[Opening EXTRACTED ENTRIES section]

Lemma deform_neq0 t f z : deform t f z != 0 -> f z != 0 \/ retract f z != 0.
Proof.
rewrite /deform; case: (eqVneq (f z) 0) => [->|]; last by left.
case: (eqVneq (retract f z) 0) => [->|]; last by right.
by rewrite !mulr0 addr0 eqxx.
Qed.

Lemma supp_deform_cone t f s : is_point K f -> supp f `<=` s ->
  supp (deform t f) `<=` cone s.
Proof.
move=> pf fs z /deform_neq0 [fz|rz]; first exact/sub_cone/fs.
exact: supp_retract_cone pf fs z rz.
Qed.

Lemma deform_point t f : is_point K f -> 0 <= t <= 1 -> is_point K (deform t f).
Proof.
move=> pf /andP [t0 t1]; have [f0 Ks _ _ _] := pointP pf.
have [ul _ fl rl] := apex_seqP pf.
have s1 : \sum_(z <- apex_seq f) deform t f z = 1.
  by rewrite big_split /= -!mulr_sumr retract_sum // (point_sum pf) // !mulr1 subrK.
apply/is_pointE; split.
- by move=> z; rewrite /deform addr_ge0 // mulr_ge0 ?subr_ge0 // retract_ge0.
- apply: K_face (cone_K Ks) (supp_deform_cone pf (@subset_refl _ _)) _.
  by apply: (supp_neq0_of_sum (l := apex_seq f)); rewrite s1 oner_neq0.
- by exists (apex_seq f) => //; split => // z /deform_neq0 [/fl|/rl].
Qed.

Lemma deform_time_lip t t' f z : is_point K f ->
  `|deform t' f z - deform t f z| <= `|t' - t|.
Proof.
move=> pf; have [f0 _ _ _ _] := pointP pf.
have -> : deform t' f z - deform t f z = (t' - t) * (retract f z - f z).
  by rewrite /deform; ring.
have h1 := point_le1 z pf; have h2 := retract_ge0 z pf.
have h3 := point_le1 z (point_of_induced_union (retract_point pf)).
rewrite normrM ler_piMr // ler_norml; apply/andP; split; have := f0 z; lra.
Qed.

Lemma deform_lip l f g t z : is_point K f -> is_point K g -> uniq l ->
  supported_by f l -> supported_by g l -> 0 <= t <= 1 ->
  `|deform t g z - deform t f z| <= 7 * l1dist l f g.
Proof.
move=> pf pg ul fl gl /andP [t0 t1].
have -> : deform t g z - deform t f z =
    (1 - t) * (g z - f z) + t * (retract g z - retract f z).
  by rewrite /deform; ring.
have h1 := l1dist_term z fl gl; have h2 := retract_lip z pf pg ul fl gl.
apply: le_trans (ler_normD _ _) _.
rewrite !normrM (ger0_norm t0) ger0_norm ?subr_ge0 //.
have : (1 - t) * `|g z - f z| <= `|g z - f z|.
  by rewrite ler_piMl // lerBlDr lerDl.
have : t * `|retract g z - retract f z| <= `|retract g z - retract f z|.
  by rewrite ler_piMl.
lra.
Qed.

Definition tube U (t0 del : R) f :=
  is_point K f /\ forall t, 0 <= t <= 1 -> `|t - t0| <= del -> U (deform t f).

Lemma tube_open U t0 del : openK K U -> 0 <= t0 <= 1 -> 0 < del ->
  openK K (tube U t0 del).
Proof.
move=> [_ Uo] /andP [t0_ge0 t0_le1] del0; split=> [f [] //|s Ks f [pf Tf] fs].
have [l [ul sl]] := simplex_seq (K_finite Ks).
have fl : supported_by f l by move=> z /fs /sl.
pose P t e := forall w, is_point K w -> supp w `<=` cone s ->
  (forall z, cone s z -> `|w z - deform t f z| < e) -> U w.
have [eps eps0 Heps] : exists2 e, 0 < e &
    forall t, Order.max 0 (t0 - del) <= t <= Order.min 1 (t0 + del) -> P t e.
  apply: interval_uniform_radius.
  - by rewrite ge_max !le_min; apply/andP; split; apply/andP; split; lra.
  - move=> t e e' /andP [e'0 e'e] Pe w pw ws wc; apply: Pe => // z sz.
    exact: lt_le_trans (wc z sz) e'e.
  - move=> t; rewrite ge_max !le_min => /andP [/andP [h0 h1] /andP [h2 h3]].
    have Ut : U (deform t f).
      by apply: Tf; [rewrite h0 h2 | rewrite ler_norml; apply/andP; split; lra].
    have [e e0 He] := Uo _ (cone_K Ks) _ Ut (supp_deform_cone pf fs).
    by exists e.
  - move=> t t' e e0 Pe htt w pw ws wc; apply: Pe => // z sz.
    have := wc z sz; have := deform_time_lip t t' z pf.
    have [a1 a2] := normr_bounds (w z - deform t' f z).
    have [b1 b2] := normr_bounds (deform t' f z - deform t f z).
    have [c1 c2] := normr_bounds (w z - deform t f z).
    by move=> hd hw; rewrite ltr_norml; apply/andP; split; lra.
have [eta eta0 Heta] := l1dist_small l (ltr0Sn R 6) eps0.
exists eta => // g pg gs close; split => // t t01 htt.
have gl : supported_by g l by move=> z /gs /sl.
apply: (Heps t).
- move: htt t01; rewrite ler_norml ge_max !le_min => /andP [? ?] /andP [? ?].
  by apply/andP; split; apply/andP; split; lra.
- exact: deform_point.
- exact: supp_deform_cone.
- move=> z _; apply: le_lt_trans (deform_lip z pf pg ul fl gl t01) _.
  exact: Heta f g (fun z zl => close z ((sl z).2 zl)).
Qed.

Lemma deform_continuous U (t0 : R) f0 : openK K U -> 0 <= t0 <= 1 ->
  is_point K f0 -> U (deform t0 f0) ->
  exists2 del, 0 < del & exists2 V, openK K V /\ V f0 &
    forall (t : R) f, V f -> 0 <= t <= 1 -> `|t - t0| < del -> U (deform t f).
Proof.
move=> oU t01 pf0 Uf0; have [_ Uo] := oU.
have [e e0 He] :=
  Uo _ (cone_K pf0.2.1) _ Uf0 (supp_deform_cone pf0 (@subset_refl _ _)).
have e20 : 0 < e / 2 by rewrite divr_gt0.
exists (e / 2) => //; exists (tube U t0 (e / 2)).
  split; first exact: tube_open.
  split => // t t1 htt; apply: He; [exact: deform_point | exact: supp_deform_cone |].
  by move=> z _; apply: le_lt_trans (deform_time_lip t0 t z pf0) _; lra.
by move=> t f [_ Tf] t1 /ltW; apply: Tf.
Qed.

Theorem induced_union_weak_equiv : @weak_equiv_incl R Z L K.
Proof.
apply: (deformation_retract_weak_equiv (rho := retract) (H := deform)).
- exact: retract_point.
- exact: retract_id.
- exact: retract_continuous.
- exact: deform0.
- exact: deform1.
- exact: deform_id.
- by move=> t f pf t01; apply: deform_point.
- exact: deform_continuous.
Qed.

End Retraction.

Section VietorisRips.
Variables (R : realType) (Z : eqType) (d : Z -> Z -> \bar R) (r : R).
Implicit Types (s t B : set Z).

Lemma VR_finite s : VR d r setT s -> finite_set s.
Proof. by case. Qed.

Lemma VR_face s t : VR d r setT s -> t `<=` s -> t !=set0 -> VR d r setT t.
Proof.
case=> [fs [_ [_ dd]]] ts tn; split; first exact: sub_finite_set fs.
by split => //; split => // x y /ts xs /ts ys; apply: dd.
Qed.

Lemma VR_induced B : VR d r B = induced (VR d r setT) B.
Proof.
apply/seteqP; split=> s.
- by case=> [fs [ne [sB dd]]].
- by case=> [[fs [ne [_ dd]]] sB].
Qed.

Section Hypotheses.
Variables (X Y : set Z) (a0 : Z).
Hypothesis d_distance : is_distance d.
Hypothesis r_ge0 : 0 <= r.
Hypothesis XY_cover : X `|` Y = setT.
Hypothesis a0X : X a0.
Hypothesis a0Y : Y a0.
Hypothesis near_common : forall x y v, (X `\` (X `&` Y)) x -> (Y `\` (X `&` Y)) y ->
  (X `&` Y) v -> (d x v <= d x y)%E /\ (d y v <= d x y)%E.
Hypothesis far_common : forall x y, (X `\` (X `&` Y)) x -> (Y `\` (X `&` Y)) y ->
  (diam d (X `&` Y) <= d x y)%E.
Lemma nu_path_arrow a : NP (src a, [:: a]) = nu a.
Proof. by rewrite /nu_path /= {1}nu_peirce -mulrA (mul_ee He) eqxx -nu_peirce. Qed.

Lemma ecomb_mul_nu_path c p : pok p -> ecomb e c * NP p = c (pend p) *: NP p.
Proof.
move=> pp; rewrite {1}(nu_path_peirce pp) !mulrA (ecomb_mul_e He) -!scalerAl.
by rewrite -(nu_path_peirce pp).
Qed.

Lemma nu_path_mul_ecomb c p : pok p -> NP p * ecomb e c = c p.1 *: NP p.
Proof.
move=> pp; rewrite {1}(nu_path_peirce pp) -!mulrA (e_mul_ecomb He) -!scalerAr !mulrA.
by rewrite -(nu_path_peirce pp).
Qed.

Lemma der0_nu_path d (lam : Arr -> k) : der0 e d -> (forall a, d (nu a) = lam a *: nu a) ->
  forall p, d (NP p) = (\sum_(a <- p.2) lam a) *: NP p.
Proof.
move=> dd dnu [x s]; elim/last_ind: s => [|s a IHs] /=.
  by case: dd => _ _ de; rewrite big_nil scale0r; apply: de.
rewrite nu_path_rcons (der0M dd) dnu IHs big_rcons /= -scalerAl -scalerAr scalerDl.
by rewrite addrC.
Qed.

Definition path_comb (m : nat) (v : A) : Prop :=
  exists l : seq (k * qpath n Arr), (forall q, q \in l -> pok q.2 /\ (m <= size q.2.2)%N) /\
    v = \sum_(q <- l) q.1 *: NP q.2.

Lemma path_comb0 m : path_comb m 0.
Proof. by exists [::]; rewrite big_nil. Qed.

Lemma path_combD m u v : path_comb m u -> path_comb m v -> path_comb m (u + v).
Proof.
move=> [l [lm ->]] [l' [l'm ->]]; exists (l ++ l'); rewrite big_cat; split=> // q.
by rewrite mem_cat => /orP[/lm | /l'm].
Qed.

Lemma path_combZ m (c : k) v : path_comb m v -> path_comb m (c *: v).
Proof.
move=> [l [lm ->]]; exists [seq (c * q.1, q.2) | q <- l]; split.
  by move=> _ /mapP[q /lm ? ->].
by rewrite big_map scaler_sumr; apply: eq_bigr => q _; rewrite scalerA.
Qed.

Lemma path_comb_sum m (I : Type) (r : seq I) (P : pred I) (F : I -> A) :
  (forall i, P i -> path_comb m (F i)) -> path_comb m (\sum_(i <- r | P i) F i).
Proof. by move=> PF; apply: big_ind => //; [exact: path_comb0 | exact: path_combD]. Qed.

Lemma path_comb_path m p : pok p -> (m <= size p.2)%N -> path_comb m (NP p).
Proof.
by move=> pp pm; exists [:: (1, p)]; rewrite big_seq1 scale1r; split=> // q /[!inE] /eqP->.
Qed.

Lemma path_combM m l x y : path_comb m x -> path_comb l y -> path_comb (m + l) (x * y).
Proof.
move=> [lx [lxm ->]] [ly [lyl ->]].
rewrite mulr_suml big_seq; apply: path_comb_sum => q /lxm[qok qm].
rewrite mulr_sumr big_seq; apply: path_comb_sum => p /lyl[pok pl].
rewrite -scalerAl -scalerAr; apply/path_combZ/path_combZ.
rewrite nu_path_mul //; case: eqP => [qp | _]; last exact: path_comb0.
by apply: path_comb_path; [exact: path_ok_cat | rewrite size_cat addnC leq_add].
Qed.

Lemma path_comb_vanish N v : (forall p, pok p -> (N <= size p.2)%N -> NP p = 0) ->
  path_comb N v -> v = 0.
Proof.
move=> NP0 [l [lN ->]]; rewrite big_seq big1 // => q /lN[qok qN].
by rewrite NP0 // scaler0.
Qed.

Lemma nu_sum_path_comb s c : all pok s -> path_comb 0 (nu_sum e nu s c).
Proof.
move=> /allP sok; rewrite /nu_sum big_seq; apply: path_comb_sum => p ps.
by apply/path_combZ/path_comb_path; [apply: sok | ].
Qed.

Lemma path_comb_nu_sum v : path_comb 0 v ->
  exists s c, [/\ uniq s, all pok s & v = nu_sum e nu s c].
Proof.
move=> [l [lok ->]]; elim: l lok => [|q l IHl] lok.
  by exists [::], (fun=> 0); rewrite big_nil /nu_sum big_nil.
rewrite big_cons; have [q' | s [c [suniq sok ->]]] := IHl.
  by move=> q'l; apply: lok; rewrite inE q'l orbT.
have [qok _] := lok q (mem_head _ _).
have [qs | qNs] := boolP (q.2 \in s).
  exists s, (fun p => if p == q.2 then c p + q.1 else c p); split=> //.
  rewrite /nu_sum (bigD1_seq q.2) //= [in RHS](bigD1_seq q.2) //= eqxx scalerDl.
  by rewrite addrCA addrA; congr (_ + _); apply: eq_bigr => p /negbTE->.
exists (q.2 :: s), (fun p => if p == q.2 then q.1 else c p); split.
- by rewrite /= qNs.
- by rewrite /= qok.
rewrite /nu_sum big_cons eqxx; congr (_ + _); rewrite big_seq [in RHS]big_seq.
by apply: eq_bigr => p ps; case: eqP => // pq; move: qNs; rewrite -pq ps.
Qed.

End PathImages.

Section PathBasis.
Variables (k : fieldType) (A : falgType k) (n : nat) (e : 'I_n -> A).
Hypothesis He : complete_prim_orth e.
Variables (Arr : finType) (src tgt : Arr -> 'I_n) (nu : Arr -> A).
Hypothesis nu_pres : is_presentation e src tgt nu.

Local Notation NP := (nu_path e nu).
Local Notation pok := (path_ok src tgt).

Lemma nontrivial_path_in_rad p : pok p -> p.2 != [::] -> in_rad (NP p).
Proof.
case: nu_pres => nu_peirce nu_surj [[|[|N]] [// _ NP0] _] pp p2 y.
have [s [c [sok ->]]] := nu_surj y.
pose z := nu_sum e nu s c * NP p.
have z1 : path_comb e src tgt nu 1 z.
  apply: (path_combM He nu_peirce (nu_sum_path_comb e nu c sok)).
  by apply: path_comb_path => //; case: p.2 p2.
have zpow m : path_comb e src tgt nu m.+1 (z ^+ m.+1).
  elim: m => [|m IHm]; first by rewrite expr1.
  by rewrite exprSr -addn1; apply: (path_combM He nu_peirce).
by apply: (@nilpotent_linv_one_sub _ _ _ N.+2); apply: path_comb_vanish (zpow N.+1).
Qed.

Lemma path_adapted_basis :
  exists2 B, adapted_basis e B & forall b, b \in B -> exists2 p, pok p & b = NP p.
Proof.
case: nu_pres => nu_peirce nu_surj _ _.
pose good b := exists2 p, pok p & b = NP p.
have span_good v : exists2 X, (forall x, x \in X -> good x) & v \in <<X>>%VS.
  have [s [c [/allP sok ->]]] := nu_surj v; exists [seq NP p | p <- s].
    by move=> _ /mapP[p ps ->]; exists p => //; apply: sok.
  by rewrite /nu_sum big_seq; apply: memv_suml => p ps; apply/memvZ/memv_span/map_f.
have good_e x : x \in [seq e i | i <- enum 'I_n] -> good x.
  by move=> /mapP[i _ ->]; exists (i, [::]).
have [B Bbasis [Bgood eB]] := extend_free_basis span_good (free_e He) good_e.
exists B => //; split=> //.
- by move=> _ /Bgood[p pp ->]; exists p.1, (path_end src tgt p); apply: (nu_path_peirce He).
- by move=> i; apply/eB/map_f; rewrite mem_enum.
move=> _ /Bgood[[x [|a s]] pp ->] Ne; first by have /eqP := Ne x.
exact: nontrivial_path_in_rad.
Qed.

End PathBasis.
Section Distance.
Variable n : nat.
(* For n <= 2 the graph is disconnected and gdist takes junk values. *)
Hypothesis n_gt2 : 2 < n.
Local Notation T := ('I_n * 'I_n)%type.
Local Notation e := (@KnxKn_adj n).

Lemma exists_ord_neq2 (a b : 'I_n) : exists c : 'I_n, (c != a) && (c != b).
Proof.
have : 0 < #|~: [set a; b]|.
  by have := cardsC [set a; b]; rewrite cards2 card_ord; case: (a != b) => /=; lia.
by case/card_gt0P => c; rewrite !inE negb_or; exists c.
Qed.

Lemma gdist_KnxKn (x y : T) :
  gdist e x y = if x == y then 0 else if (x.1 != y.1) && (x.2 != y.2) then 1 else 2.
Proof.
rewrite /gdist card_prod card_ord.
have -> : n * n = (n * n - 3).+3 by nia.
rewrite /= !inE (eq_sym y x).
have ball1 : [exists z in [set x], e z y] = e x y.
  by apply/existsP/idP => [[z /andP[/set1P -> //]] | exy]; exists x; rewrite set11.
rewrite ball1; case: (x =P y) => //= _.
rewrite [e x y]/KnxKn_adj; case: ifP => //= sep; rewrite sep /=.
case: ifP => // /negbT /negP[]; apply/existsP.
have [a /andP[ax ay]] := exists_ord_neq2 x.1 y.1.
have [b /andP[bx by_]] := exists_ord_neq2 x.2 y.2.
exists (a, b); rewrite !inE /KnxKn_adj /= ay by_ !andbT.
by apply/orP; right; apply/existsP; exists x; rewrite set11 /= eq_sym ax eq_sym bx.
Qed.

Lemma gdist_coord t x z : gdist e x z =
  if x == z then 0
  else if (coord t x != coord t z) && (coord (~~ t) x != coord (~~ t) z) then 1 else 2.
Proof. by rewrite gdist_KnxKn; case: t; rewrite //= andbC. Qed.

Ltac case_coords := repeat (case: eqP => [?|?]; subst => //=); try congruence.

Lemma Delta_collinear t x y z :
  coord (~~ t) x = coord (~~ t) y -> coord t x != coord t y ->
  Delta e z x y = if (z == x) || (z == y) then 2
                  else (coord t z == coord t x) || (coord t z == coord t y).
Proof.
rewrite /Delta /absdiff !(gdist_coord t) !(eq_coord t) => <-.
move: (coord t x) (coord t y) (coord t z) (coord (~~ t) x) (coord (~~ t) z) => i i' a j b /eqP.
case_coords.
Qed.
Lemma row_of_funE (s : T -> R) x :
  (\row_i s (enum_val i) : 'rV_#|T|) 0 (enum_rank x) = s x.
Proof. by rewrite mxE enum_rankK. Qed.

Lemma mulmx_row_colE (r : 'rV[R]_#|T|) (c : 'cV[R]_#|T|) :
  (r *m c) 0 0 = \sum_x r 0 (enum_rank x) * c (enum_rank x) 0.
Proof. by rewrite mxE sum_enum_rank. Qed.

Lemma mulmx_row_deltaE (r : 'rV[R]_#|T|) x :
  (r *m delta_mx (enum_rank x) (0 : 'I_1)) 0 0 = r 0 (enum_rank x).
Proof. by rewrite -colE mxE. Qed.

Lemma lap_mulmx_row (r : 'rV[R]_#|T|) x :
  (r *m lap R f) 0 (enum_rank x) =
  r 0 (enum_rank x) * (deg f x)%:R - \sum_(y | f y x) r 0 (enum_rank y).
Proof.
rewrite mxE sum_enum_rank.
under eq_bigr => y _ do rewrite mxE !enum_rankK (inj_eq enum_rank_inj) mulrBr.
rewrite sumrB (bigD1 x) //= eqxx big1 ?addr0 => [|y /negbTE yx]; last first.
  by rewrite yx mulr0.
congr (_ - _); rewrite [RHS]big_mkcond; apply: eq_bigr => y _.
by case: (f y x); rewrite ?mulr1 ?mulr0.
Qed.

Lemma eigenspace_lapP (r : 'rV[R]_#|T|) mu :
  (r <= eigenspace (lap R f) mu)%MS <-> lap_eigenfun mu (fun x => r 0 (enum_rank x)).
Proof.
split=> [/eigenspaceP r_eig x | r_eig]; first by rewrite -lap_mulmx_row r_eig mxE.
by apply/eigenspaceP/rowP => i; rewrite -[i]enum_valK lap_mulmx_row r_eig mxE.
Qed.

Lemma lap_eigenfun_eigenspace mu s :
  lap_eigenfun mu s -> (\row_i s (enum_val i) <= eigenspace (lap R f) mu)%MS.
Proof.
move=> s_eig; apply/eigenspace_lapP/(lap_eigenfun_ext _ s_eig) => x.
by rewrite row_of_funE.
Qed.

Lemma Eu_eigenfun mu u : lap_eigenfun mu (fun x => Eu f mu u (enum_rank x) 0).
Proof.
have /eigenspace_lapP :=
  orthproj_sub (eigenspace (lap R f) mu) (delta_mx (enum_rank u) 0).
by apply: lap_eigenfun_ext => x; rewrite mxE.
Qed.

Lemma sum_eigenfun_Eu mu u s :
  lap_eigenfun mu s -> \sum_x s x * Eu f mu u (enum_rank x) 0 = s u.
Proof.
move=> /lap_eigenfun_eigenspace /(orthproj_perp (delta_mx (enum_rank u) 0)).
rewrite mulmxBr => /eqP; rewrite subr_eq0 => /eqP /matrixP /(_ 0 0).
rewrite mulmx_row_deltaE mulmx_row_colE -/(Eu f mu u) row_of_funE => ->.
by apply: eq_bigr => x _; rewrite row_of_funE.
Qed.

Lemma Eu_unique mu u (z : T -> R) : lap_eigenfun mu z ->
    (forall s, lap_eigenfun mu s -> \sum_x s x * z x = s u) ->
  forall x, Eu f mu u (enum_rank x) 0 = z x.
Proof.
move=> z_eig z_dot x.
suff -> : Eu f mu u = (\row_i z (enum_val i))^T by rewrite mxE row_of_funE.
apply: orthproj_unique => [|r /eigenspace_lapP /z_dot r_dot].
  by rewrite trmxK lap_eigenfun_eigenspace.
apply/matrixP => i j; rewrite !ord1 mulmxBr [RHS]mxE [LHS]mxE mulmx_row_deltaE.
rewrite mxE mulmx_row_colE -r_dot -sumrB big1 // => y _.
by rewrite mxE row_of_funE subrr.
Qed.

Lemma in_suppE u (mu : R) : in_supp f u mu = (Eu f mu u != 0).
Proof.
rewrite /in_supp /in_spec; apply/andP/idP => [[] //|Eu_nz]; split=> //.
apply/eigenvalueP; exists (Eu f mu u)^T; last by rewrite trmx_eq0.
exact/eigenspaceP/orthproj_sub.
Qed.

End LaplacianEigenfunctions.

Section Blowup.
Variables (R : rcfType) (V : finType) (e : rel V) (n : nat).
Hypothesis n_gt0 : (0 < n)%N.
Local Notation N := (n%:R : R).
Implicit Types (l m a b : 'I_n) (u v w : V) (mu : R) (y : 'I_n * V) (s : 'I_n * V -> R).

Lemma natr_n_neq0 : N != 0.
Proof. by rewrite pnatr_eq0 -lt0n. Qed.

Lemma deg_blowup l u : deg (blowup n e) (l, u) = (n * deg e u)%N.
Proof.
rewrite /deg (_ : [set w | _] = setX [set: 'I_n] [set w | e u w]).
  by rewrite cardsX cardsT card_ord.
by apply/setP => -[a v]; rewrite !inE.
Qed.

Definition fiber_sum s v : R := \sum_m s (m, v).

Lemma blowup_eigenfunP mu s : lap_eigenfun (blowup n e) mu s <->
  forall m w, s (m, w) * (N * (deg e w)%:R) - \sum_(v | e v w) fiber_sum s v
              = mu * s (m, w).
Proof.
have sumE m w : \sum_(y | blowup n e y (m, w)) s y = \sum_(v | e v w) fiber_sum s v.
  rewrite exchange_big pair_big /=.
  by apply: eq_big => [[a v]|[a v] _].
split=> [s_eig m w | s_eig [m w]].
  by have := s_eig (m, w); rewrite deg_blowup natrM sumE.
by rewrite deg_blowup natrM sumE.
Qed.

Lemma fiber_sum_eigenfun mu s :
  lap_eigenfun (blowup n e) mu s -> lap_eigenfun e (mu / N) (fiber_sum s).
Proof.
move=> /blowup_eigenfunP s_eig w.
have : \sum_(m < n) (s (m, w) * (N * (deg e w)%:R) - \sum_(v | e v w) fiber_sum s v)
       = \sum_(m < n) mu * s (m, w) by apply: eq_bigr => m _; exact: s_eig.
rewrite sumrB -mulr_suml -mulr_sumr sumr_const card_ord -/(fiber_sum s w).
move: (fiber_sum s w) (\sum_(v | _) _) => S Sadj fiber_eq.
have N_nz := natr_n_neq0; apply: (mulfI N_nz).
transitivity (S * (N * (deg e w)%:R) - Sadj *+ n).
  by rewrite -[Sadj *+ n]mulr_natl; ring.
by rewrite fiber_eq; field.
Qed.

[Closing EXTRACTED ENTRIES section]

PROBLEM DESCRIPTION
In your answer, include only the lines above starting at the line that holds "apply/eigenvalueP; exists (Eu" and ending at the line that holds "have sumE m", copied exactly.

ANSWER TO THIS TASK
apply/eigenvalueP; exists (Eu f mu u)^T; last by rewrite trmx_eq0.
exact/eigenspaceP/orthproj_sub.
Qed.

End LaplacianEigenfunctions.

Section Blowup.
Variables (R : rcfType) (V : finType) (e : rel V) (n : nat).
Hypothesis n_gt0 : (0 < n)%N.
Local Notation N := (n%:R : R).
Implicit Types (l m a b : 'I_n) (u v w : V) (mu : R) (y : 'I_n * V) (s : 'I_n * V -> R).

Lemma natr_n_neq0 : N != 0.
Proof. by rewrite pnatr_eq0 -lt0n. Qed.

Lemma deg_blowup l u : deg (blowup n e) (l, u) = (n * deg e u)%N.
Proof.
rewrite /deg (_ : [set w | _] = setX [set: 'I_n] [set w | e u w]).
  by rewrite cardsX cardsT card_ord.
by apply/setP => -[a v]; rewrite !inE.
Qed.

Definition fiber_sum s v : R := \sum_m s (m, v).

Lemma blowup_eigenfunP mu s : lap_eigenfun (blowup n e) mu s <->
  forall m w, s (m, w) * (N * (deg e w)%:R) - \sum_(v | e v w) fiber_sum s v
              = mu * s (m, w).
Proof.
have sumE m w : \sum_(y | blowup n e y (m, w)) s y = \sum_(v | e v w) fiber_sum s v.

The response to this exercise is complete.